- _Goal of the exercise_:
Stop after the line containing "move=> Wpsd Wge0; rewrite ger0_norm //."; retype every line of the data before it exactly, starting from the first.

- _Source records_:
----------
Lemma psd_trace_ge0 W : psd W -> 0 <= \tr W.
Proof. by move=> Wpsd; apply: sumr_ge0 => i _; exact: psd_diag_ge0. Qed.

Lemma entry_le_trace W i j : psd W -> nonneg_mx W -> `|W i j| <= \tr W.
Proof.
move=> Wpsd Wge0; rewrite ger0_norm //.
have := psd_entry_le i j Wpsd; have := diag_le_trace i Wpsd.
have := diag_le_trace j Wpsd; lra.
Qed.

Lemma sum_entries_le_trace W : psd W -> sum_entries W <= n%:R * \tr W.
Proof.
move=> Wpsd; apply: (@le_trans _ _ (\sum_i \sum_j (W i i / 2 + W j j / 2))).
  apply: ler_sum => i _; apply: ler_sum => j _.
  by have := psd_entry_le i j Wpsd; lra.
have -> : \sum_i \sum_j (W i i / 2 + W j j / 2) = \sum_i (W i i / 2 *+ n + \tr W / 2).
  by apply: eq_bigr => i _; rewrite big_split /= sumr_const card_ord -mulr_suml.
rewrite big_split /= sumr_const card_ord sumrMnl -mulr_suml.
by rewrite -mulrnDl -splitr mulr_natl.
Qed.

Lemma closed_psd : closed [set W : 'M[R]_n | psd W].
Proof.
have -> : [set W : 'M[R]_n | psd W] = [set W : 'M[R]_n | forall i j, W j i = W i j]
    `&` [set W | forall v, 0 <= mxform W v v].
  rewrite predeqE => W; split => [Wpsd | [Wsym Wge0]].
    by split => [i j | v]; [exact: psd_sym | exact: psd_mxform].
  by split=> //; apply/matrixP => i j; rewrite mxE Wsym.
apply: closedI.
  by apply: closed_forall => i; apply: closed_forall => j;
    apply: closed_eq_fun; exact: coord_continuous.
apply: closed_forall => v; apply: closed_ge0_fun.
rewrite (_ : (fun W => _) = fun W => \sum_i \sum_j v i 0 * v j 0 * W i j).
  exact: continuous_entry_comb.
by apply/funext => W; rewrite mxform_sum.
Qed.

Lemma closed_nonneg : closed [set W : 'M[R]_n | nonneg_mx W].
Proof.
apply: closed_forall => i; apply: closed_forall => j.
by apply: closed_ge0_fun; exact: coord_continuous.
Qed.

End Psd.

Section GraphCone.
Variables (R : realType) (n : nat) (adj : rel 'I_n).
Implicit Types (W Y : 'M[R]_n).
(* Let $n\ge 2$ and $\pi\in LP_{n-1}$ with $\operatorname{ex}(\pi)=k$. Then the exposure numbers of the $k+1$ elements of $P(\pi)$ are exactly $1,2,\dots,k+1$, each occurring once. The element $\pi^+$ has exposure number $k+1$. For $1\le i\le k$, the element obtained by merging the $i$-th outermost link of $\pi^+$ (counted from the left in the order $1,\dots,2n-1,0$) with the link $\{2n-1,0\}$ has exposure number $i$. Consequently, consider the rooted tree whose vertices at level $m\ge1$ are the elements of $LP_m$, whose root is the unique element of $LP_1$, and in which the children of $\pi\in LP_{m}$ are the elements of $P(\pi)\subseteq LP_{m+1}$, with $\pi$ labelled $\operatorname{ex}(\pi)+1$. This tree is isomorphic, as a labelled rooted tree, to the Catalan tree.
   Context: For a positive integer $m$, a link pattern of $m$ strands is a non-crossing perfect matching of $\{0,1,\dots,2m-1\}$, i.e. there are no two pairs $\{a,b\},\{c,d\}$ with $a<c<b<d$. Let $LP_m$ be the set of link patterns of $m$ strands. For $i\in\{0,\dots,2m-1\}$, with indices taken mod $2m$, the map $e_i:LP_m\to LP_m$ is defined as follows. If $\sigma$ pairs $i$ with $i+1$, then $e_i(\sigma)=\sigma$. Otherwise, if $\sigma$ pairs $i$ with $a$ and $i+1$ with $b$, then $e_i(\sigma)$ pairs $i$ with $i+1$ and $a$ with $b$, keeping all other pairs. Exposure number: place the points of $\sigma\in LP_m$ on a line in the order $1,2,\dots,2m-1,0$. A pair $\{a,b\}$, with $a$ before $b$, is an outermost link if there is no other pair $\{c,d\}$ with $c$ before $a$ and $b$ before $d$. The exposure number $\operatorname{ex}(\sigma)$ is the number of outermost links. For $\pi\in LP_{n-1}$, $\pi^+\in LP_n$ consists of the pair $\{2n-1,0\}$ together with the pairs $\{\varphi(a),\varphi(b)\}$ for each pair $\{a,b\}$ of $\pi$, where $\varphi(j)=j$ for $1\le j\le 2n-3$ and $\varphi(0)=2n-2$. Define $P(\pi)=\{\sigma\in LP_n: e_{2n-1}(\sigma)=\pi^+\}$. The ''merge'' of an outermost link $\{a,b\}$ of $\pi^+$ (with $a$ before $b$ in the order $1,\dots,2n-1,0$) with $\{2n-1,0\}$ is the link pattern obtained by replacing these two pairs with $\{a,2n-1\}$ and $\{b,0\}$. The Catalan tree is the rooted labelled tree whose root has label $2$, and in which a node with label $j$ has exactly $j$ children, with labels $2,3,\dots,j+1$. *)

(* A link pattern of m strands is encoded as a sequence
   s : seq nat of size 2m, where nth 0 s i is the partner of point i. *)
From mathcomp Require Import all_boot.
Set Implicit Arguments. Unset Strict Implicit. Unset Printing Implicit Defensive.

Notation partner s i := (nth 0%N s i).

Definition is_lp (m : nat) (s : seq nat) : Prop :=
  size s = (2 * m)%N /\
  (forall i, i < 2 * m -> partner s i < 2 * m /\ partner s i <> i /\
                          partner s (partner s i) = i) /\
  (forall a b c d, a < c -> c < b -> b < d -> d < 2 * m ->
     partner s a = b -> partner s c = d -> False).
----------
- _Solution_:
Lemma psd_trace_ge0 W : psd W -> 0 <= \tr W.
Proof. by move=> Wpsd; apply: sumr_ge0 => i _; exact: psd_diag_ge0. Qed.

Lemma entry_le_trace W i j : psd W -> nonneg_mx W -> `|W i j| <= \tr W.
Proof.
move=> Wpsd Wge0; rewrite ger0_norm //.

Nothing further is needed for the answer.